(* Let $V$ be a real vector space of dimension $m=p+q\ge 3$ equipped with a non-degenerate symmetric inner product $(\cdot,\cdot)$ of signature $(p,q)$ (arbitrary), let $R$ be an algebraic curvature tensor on $V$, and let $1\le k\le m-1$. If $R$ is $k$ Osserman, then $\mathcal{J}_R(x)$ is nilpotent for every complex null vector $x\in\mathcal{N}$.
   Context: An algebraic curvature tensor is $R\in\otimes^4V^*$ with $R(x,y,z,w)=R(z,w,x,y)=-R(y,x,z,w)$ and $R(x,y,z,w)+R(y,z,x,w)+R(z,x,y,w)=0$. The Jacobi operator $\mathcal{J}_R(x)$ is the linear map of $V$ defined by $(\mathcal{J}_R(x)y,w)=R(y,x,x,w)$. For a non-degenerate $k$-dimensional subspace $\sigma\subset V$ with orthonormal basis $\{e_1,\dots,e_k\}$, the higher order Jacobi operator is $\mathcal{J}_R(\sigma)=\sum_{i=1}^k (e_i,e_i)\mathcal{J}_R(e_i)$ (independent of the orthonormal basis). $R$ is called $k$ Osserman if the eigenvalues of $\mathcal{J}_R(\sigma)$ are constant on the Grassmannian of non-degenerate $k$-planes $\sigma\subset V$. The inner product, $R$ and $\mathcal{J}_R$ are extended complex-multilinearly to $V_{\mathbb{C}}=V\otimes\mathbb{C}$; $\mathcal{N}=\{v\in V_{\mathbb{C}}:(v,v)=0\}$ is the set of complex null vectors. A linear map $A$ of $V_{\mathbb{C}}$ is nilpotent if $A^m=0$, equivalently $\operatorname{trace}(A^i)=0$ for $1\le i\le m$. *)

From HB Require Import structures.
From mathcomp Require Import all_boot all_order all_algebra.
From mathcomp Require Import reals.
From mathcomp.real_closed Require Import complex.
Set Implicit Arguments. Unset Strict Implicit. Unset Printing Implicit Defensive.
Import Order.TTheory GRing.Theory Num.Theory.
Local Open Scope ring_scope.

(* V = F^m as column vectors 'cV[F]_m, with the symmetric bilinear form
   (u, w) = u^T G w given by a Gram matrix G. Everything is defined over an arbitrary field F so that it can be
   used both over the reals and (after complexification) over R[i]. *)

Section Defs.
Variable F : fieldType.
Variable m : nat.

Definition ip (G : 'M[F]_m) (u w : 'cV[F]_m) : F := (u^T *m G *m w) 0 0.

Definition tensor4 := 'I_m -> 'I_m -> 'I_m -> 'I_m -> F.

Definition tform (T : tensor4) (x y z w : 'cV[F]_m) : F :=
  \sum_(i < m) \sum_(j < m) \sum_(k < m) \sum_(l < m)
     T i j k l * x i 0 * y j 0 * z k 0 * w l 0.

Definition is_alg_curv (T : tensor4) : Prop :=
  (forall x y z w, tform T x y z w = tform T z w x y) /\
  (forall x y z w, tform T x y z w = - tform T y x z w) /\
  (forall x y z w, tform T x y z w + tform T y z x w + tform T z x y w = 0).

(* Jacobi operator: the matrix J (acting y |-> J *m y) characterised by
   (J y, w) = R(y, x, x, w); explicitly J = G^{-1} N^T with
   N j l = R(e_j, x, x, e_l). *)
Definition jacobi (G : 'M[F]_m) (T : tensor4) (x : 'cV[F]_m) : 'M[F]_m :=
  invmx G *m (\matrix_(j < m, l < m)
                 tform T (delta_mx j 0) x x (delta_mx l 0))^T.

Definition orthonormal (G : 'M[F]_m) (k : nat) (e : 'I_k -> 'cV[F]_m) : Prop :=
  forall i j : 'I_k,
    ip G (e i) (e j) = (if i == j then ip G (e i) (e i) else 0) /\
    (ip G (e i) (e i) = 1 \/ ip G (e i) (e i) = -1).

Definition hjacobi (G : 'M[F]_m) (T : tensor4) (k : nat) (e : 'I_k -> 'cV[F]_m)
  : 'M[F]_m := \sum_(i < k) ip G (e i) (e i) *: jacobi G T (e i).

Definition nilpotent (A : 'M[F]_m) : Prop := A ^+ m = 0.
End Defs.

Section Complex.
Variable R : realType.
Variable m : nat.
Local Open Scope complex_scope.

Definition cplx (r : R) : R[i] := r%:C.
Definition cG (G : 'M[R]_m) : 'M[R[i]]_m := map_mx cplx G.
Definition cT (T : tensor4 R m) : tensor4 R[i] m := fun i j k l => cplx (T i j k l).

Definition eigenvalues (A : 'M[R]_m) : pred R[i] :=
  fun z => root (char_poly (map_mx cplx A)) z.

(* R is k Osserman: the eigenvalues of J_R(sigma) are the same for all
   non-degenerate k-planes sigma (given by orthonormal bases) *)
Definition k_osserman (G : 'M[R]_m) (T : tensor4 R m) (k : nat) : Prop :=
  forall e f : 'I_k -> 'cV[R]_m, orthonormal G e -> orthonormal G f ->
    eigenvalues (hjacobi G T e) =1 eigenvalues (hjacobi G T f).

Definition cnull (G : 'M[R]_m) (x : 'cV[R[i]]_m) : Prop := ip (cG G) x x = 0.
End Complex.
+ + + + +
From the entries above, copy each line holding "reals".

__SOLUTION__.
From mathcomp Require Import reals.
   used both over the reals and (after complexification) over R[i]. *)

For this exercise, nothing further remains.